Ucraina-Russia, tensione alle stelle

Nonostante il susseguirsi di contatti e incontri, ultimo in ordine di tempo quello in queste ore tra il Segretario di Stato americano Antony Blinken e il Ministro degli Esteri russo Sergej Lavrov a Ginevra, l’escalation delle tensioni tra Russia e Ucraina delle ultime settimane rischia di sfociare in una guerra.

"Gli alleati della Nato stanno mettendo le forze in allerta e stanno inviando navi e caccia in Europa dell'Est, per rinforzare la nostra capacità di deterrenza e difesa, mentre la Russia continua ad aumentare la propria presenza militare dentro e fuori dall'Ucraina".Lo sottolinea la Nato in una nota.Gli Stati Uniti hanno ordinato l'evacuazione delle famiglie dei diplomatici in Ucraina.

E l'amministrazione statunitense sconsiglia anche ai cittadini americani di recarsi in Russia.
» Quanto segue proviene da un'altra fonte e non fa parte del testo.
(* Let $G$ be a Carnot group, let $D_G$ be the dimension provided by the theorem that for every $0<\varepsilon<1/2$, $(G,d_G^{1-\varepsilon})$ embeds into $\mathbb{R}^{D_G}$ with distortion $O_G(\varepsilon^{-1/2})$. Let $\Gamma\subset G$ be a discrete subgroup such that $d_G(\gamma_1,\gamma_2)\ge 1$ for all distinct $\gamma_1,\gamma_2\in\Gamma$. For $R\ge 2$ let $B_\Gamma(0,R)=\{\gamma\in\Gamma: d_G(0,\gamma)<R\}$, where $0$ is the identity of $G$. Then $(B_\Gamma(0,R),d_G)$ admits an embedding into $\mathbb{R}^{D_G}$ with distortion $O_G(\log^{1/2}R)$.
   Context: A Carnot group $G$ is a connected, simply connected Lie group with stratified Lie algebra $\mathfrak g=V_1\oplus\cdots\oplus V_s$, $V_{r+1}=[V_1,V_r]$, $V_{s+1}=0$, with a norm on $V_1$; $d_G$ is the associated Carnot–Carathéodory distance (infimum of lengths of horizontal piecewise smooth curves). A map $f:(X,d_X)\to(Y,d_Y)$ has distortion at most $D$ if there is $C>0$ with $Cd_X(x_1,x_2)\le d_Y(f(x_1),f(x_2))\le CDd_X(x_1,x_2)$ for all $x_1,x_2$. *)

From HB Require Import structures.
From mathcomp Require Import all_boot all_order all_algebra.
From mathcomp Require Import all_classical all_reals all_analysis.
Set Implicit Arguments. Unset Strict Implicit. Unset Printing Implicit Defensive.
Import Order.TTheory GRing.Theory Num.Theory.
Import numFieldNormedType.Exports.
Local Open Scope classical_set_scope.
Local Open Scope ring_scope.

Fixpoint Ck (R : realType) (V W : normedModType R) (k : nat) (f : V -> W) : Prop :=
  match k with
  | 0 => continuous f
  | k'.+1 => (forall x v, derivable f x v) /\
             (forall v, @Ck R V W k' (fun x => 'D_v f x))
  end.

Definition smooth (R : realType) (V W : normedModType R) (f : V -> W) :=
  forall k, @Ck R V W k f.

Definition is_group_law (R : realType) (n : nat)
  (mul : 'rV[R]_n -> 'rV[R]_n -> 'rV[R]_n) (inv : 'rV[R]_n -> 'rV[R]_n) :=
  [/\ associative mul, left_id 0 mul, right_id 0 mul,
      (forall x, mul (inv x) x = 0) & (forall x, mul x (inv x) = 0)].

(* Lie bracket of the Lie algebra T_0 G = R^n: mixed second derivative of
   the (group) commutator expression at the identity. *)
Definition bracket (R : realType) (n : nat)
  (mul : 'rV[R]_n -> 'rV[R]_n -> 'rV[R]_n) (x y : 'rV[R]_n) : 'rV[R]_n :=
  derive1 (fun s : R => derive1 (fun t : R =>
     mul (s *: x) (t *: y) - mul (t *: y) (s *: x)) 0) 0.

Definition dL (R : realType) (n : nat)
  (mul : 'rV[R]_n -> 'rV[R]_n -> 'rV[R]_n) (g v : 'rV[R]_n) : 'rV[R]_n :=
  derive1 (fun t : R => mul g (t *: v)) 0.

(* Carnot group structure on R^n (exponential coordinates):
   - mul is a smooth group law with identity 0 (so G is a connected, simply
     connected Lie group);
   - lines through 0 are one-parameter subgroups (exponential coordinates);
   - Lie algebra = V_1 (+) ... (+) V_s, V_{r+1} = [V_1, V_r], V_{s+1} = 0;
   - N is a norm on V_1. *)
Definition is_carnot (R : realType) (n : nat)
  (mul : 'rV[R]_n -> 'rV[R]_n -> 'rV[R]_n) (inv : 'rV[R]_n -> 'rV[R]_n)
  (s : nat) (Vs : nat -> {vspace 'rV[R]_n}) (N : 'rV[R]_n -> R) : Prop :=
  [/\ is_group_law mul inv,
      smooth (fun z : 'rV[R]_(n + n) => mul (lsubmx z) (rsubmx z)),
      (forall x (a b : R), mul (a *: x) (b *: x) = (a + b) *: x),
      (1 <= s)%N &
   [/\ [/\ (\sum_(1 <= r < s.+1) Vs r)%VS = fullv,
          \dim (\sum_(1 <= r < s.+1) Vs r)%VS = (\sum_(1 <= r < s.+1) \dim (Vs r))%N,
          (forall r, (1 <= r <= s)%N ->
             Vs r.+1 = <<[seq bracket mul a b | a <- vbasis (Vs 1%N), b <- vbasis (Vs r)]>>%VS)
        & Vs s.+1 = 0%VS] &
      [/\ (forall a b, a \in Vs 1%N -> b \in Vs 1%N -> N (a + b) <= N a + N b),
          (forall (c : R) a, a \in Vs 1%N -> N (c *: a) = `|c| * N a)
        & (forall a, a \in Vs 1%N -> N a = 0 -> a = 0)]]].

(* Breakpoints
   0 = p_0 < p_1 < ... < p_k = 1 with (p_1,...,p_k) = tt; on the i-th piece
   gam'(t) = dL_{gam t} (h i t) with h i a continuous V_1-valued control. *)
Definition piece (R : realType) (tt : seq R) (i : nat) : set R :=
  [set t | nth 0 (0 :: tt) i <= t <= nth 0 (0 :: tt) i.+1].

Definition opiece (R : realType) (tt : seq R) (i : nat) : set R :=
  [set t | nth 0 (0 :: tt) i < t < nth 0 (0 :: tt) i.+1].

Definition horizontal (R : realType) (n : nat)
  (mul : 'rV[R]_n -> 'rV[R]_n -> 'rV[R]_n) (V1 : {vspace 'rV[R]_n})
  (gam : R -> 'rV[R]_n) (tt : seq R) (h : nat -> R -> 'rV[R]_n) : Prop :=
  [/\ path <%R 0 tt, last 0 tt = 1,
      {within [set t : R | 0 <= t <= 1], continuous gam} &
      forall i, (i < size tt)%N ->
        [/\ {within piece tt i, continuous (h i)},
            (forall t, piece tt i t -> h i t \in V1) &
            (forall t, opiece tt i t -> is_derive t 1 gam (dL mul (gam t) (h i t)))]].

Definition hlength (R : realType) (n : nat) (N : 'rV[R]_n -> R)
  (tt : seq R) (h : nat -> R -> 'rV[R]_n) : R :=
  \sum_(i < size tt) Rintegral lebesgue_measure (piece tt i) (fun t => N (h i t)).

Definition ccdist (R : realType) (n : nat)
  (mul : 'rV[R]_n -> 'rV[R]_n -> 'rV[R]_n) (Vs : nat -> {vspace 'rV[R]_n})
  (N : 'rV[R]_n -> R) (x y : 'rV[R]_n) : R :=
  inf [set l : R | exists gam tt h,
        [/\ gam 0 = x, gam 1 = y, horizontal mul (Vs 1%N) gam tt h
          & l = hlength N tt h]].

Definition enorm (R : realType) (D : nat) (v : 'rV[R]_D) : R :=
  Num.sqrt (\sum_(i < D) v ord0 i ^+ 2).

Definition distortion_le (R : realType) (X : Type) (D : nat) (A : set X)
  (dX : X -> X -> R) (f : X -> 'rV[R]_D) (K : R) : Prop :=
  exists c : R, 0 < c /\ forall x y, A x -> A y ->
    c * dX x y <= enorm (f x - f y) <= c * K * dX x y.

Definition sep_discrete_subgroup (R : realType) (n : nat)
  (mul : 'rV[R]_n -> 'rV[R]_n -> 'rV[R]_n) (inv : 'rV[R]_n -> 'rV[R]_n)
  (d : 'rV[R]_n -> 'rV[R]_n -> R) (Gam : set 'rV[R]_n) : Prop :=
  [/\ Gam 0,
      (forall x y, Gam x -> Gam y -> Gam (mul x y)),
      (forall x, Gam x -> Gam (inv x)),
      (forall x, Gam x -> exists2 e : R, 0 < e &
         forall y, Gam y -> ball x e y -> y = x) &
      (forall x y, Gam x -> Gam y -> x <> y -> 1 <= d x y)].

From HB Require Import structures.
From mathcomp Require Import all_boot all_order all_algebra.
From mathcomp Require Import all_classical all_reals all_analysis.
From mathcomp Require Import ring lra.
Set Implicit Arguments. Unset Strict Implicit. Unset Printing Implicit Defensive.
Import Order.TTheory GRing.Theory Num.Theory.
Local Open Scope classical_set_scope.
Local Open Scope ring_scope.

(* If f embeds (G, d^(1-eps)) into R^D with distortion K, and A is a set on
   which distinct points satisfy 1 <= d <= Delta, then on A we have
   d^(1-eps) <= d <= Delta^eps d^(1-eps), so f restricted to A is bi-Lipschitz
   for d with distortion Delta^eps K.  For the ball of radius r of the
   1-separated subgroup Gamma, Delta = O(r) and eps = 1/(ln r + 3) give
   Delta^eps = O(1) and K = O(eps^(-1/2)) = O(sqrt (ln r)). *)

Section euclidean_norm.
Variable R : realType.

Lemma lagrange_identity (I : finType) (u v : I -> R) :
  2 * ((\sum_i u i ^+ 2) * (\sum_i v i ^+ 2) - (\sum_i u i * v i) ^+ 2)
  = \sum_i \sum_j (u i * v j - u j * v i) ^+ 2.
Proof.
have double_sum (a b : I -> R) :
    (\sum_i a i) * (\sum_j b j) = \sum_i \sum_j a i * b j.
  by rewrite mulr_suml; apply: eq_bigr => i _; rewrite mulr_sumr.
have -> : \sum_i \sum_j (u i * v j - u j * v i) ^+ 2 =
    \sum_i \sum_j u i ^+ 2 * v j ^+ 2 + \sum_i \sum_j v i ^+ 2 * u j ^+ 2
    - 2 * \sum_i \sum_j (u i * v i) * (u j * v j).
  rewrite mulr_sumr -big_split -sumrB; apply: eq_bigr => i _.
  by rewrite mulr_sumr -big_split -sumrB; apply: eq_bigr => j _ /=; ring.
rewrite -!double_sum expr2; ring.
Qed.

Lemma cauchy_schwarz (I : finType) (u v : I -> R) :
  \sum_i u i * v i <= Num.sqrt (\sum_i u i ^+ 2) * Num.sqrt (\sum_i v i ^+ 2).
Proof.
have sq_ge0 (w : I -> R) : 0 <= \sum_i w i ^+ 2.
  by apply: sumr_ge0 => i _; exact: sqr_ge0.
rewrite -sqrtrM ?sq_ge0 // (le_trans (ler_norm _)) // -sqrtr_sqr ler_sqrt.
  have := lagrange_identity u v.
  have : 0 <= \sum_i \sum_j (u i * v j - u j * v i) ^+ 2.
    by apply: sumr_ge0 => i _; exact: sq_ge0.
  by move=> + E; rewrite -E pmulr_rge0 // subr_ge0.
by rewrite mulr_ge0 ?sq_ge0.
Qed.

Variable D : nat.

Lemma enorm0 : enorm (0 : 'rV[R]_D) = 0.
Proof. by rewrite /enorm big1 ?sqrtr0 // => i _; rewrite mxE expr0n. Qed.

Lemma enormC (u v : 'rV[R]_D) : enorm (u - v) = enorm (v - u).
Proof.
by rewrite -opprB /enorm; congr Num.sqrt; apply: eq_bigr => i _; rewrite mxE sqrrN.
Qed.

Lemma enormD (u v : 'rV[R]_D) : enorm (u + v) <= enorm u + enorm v.
Proof.
have sq_ge0 (w : 'rV[R]_D) : 0 <= \sum_i w ord0 i ^+ 2.
  by apply: sumr_ge0 => i _; exact: sqr_ge0.
have CS := cauchy_schwarz (fun i => u ord0 i) (fun i => v ord0 i).
have expand : \sum_i (u + v) ord0 i ^+ 2 = \sum_i u ord0 i ^+ 2
    + 2 * \sum_i u ord0 i * v ord0 i + \sum_i v ord0 i ^+ 2.
  by rewrite mulr_sumr -!big_split; apply: eq_bigr => i _ /=; rewrite mxE; ring.
rewrite /enorm -[X in _ <= X]ger0_norm ?addr_ge0 ?sqrtr_ge0 //.
rewrite -sqrtr_sqr ler_sqrt ?sqr_ge0 // sqrrD !sqr_sqrtr ?sq_ge0 // expand -mulr_natr.
lra.
Qed.

Lemma enorm_triangle (u v w : 'rV[R]_D) :
  enorm (v - w) <= enorm (u - v) + enorm (u - w).
Proof.
have -> : v - w = (v - u) + (u - w) by rewrite addrA subrK.
by rewrite (le_trans (enormD _ _)) // enormC.
Qed.

End euclidean_norm.

Lemma distortion_le_mono (R : realType) (X : Type) (D : nat) (A B : set X)
    (dX : X -> X -> R) (f : X -> 'rV[R]_D) (K K' : R) :
  B `<=` A -> (forall x y, B x -> B y -> 0 <= dX x y) -> K <= K' ->
  distortion_le A dX f K -> distortion_le B dX f K'.
Proof.
move=> BA dX_ge0 KK' [c [c_gt0 hf]]; exists c; split => // x y Bx By.
have /andP[-> up] := hf x y (BA x Bx) (BA y By); rewrite (le_trans up) //.
by rewrite ler_wpM2r ?dX_ge0 // ler_wpM2l // ltW.
Qed.

(* Consequences for a function d of a snowflake embedding of (X, d^a):
   although d is not assumed to be a metric, it vanishes on the diagonal and
   obeys a quasi-triangle inequality controlling diameters of balls. *)
Section snowflake_quasimetric.
Variables (R : realType) (X : Type) (D : nat) (d : X -> X -> R).
Variables (f : X -> 'rV[R]_D) (a K : R).
Hypothesis f_snowflake : distortion_le setT (fun x y => powR (d x y) a) f K.

(* An embedding with positive lower constant sends x, x to 0, so d x x = 0. *)
Lemma snowflake_dist_refl x : d x x = 0.
Proof.
have [c [c_gt0 hf]] := f_snowflake; have /andP[lo _] := hf x x I I.
apply: (@powR_eq0_eq0 _ _ a); apply/eqP; rewrite eq_le powR_ge0 andbT.
by rewrite -(pmulr_rle0 _ c_gt0) (le_trans lo) // subrr enorm0.
Qed.

Lemma separated_dist_ge0 (Gam : set X) :
  (forall x y, Gam x -> Gam y -> x <> y -> 1 <= d x y) ->
  forall x y, Gam x -> Gam y -> 0 <= d x y.
Proof.
move=> Gam_sep x y Gx Gy; have [<-|xy] := pselect (x = y).
  by rewrite snowflake_dist_refl.
by rewrite (le_trans ler01) // Gam_sep.
Qed.

Hypotheses (a_gt0 : 0 < a) (K_ge0 : 0 <= K).

Lemma snowflake_diameter x y z r :
  0 <= d x y -> 0 <= d z x <= r -> 0 <= d z y <= r ->
  d x y <= powR (2 * K) a^-1 * r.
Proof.
move=> dxy_ge0 /andP[dzx_ge0 dzx_le] /andP[dzy_ge0 dzy_le].
have [c [c_gt0 hf]] := f_snowflake.
have r_ge0 : 0 <= r := le_trans dzx_ge0 dzx_le.
have pow_mono t : 0 <= t -> t <= r -> powR t a <= powR r a.
  by move=> t_ge0 t_le; apply: ge0_ler_powR; rewrite ?nnegrE // ltW.
have cK_ge0 : 0 <= c * K by rewrite mulr_ge0 // ltW.
have up_x : enorm (f z - f x) <= c * K * powR r a.
  have /andP[_ up] := hf z x I I.
  by rewrite (le_trans up) // ler_wpM2l // pow_mono.
have up_y : enorm (f z - f y) <= c * K * powR r a.
  have /andP[_ up] := hf z y I I.
  by rewrite (le_trans up) // ler_wpM2l // pow_mono.
have snow_le : powR (d x y) a <= 2 * K * powR r a.
  have /andP[lo _] := hf x y I I.
  rewrite -(ler_pM2l c_gt0) (le_trans lo) // (le_trans (enorm_triangle (f z) _ _)) //.
  lra.
have a_neq0 : a != 0 by rewrite gt_eqF.
have inv_ge0 : 0 <= a^-1 by rewrite invr_ge0 ltW.
have -> : d x y = powR (powR (d x y) a) a^-1 by rewrite -powRrM mulfV // powRr1.
rewrite (le_trans (ge0_ler_powR inv_ge0 _ _ snow_le)) ?nnegrE ?powR_ge0 //.
  by rewrite !mulr_ge0 ?powR_ge0.
by rewrite powRM ?mulr_ge0 ?powR_ge0 // -powRrM mulfV // powRr1.
Qed.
Kiev critica, giudicandolo "prematuro" ed "eccessivo" l'ordine impartito da Washington di evacuare i familiari dei diplomatici Usa dall'Ucraina. "Con tutto il rispetto del diritto degli stati stranieri di garantire la sicurezza delle loro missioni diplomatiche, noi consideriamo questa misura presa dagli americani come prematura ed eccessiva", dichiara in una nota il portavoce del ministero degli Esteri ucraino, Oleg Nikolenko. "A meno che il segretario di Stato Usa, Antony Blinken, non abbia qualcosa da dirci di importante, il personale dell'Unione Europea non ha in programma nessuna evacuazione dall'Ucraina", commenta l'Alto rappresentante della politica estera Ue, Josep Borrell, prima del consiglio affari esteri a Bruxelles, commentando l'annuncio Usa dell'evacuazione delle famiglie dei diplomatici. "Non credo che si debba drammatizzare la situazione, i negoziati con la Russia sono in corso, non penso che si debba lasciare l'Ucraina", ha aggiunto Borrell.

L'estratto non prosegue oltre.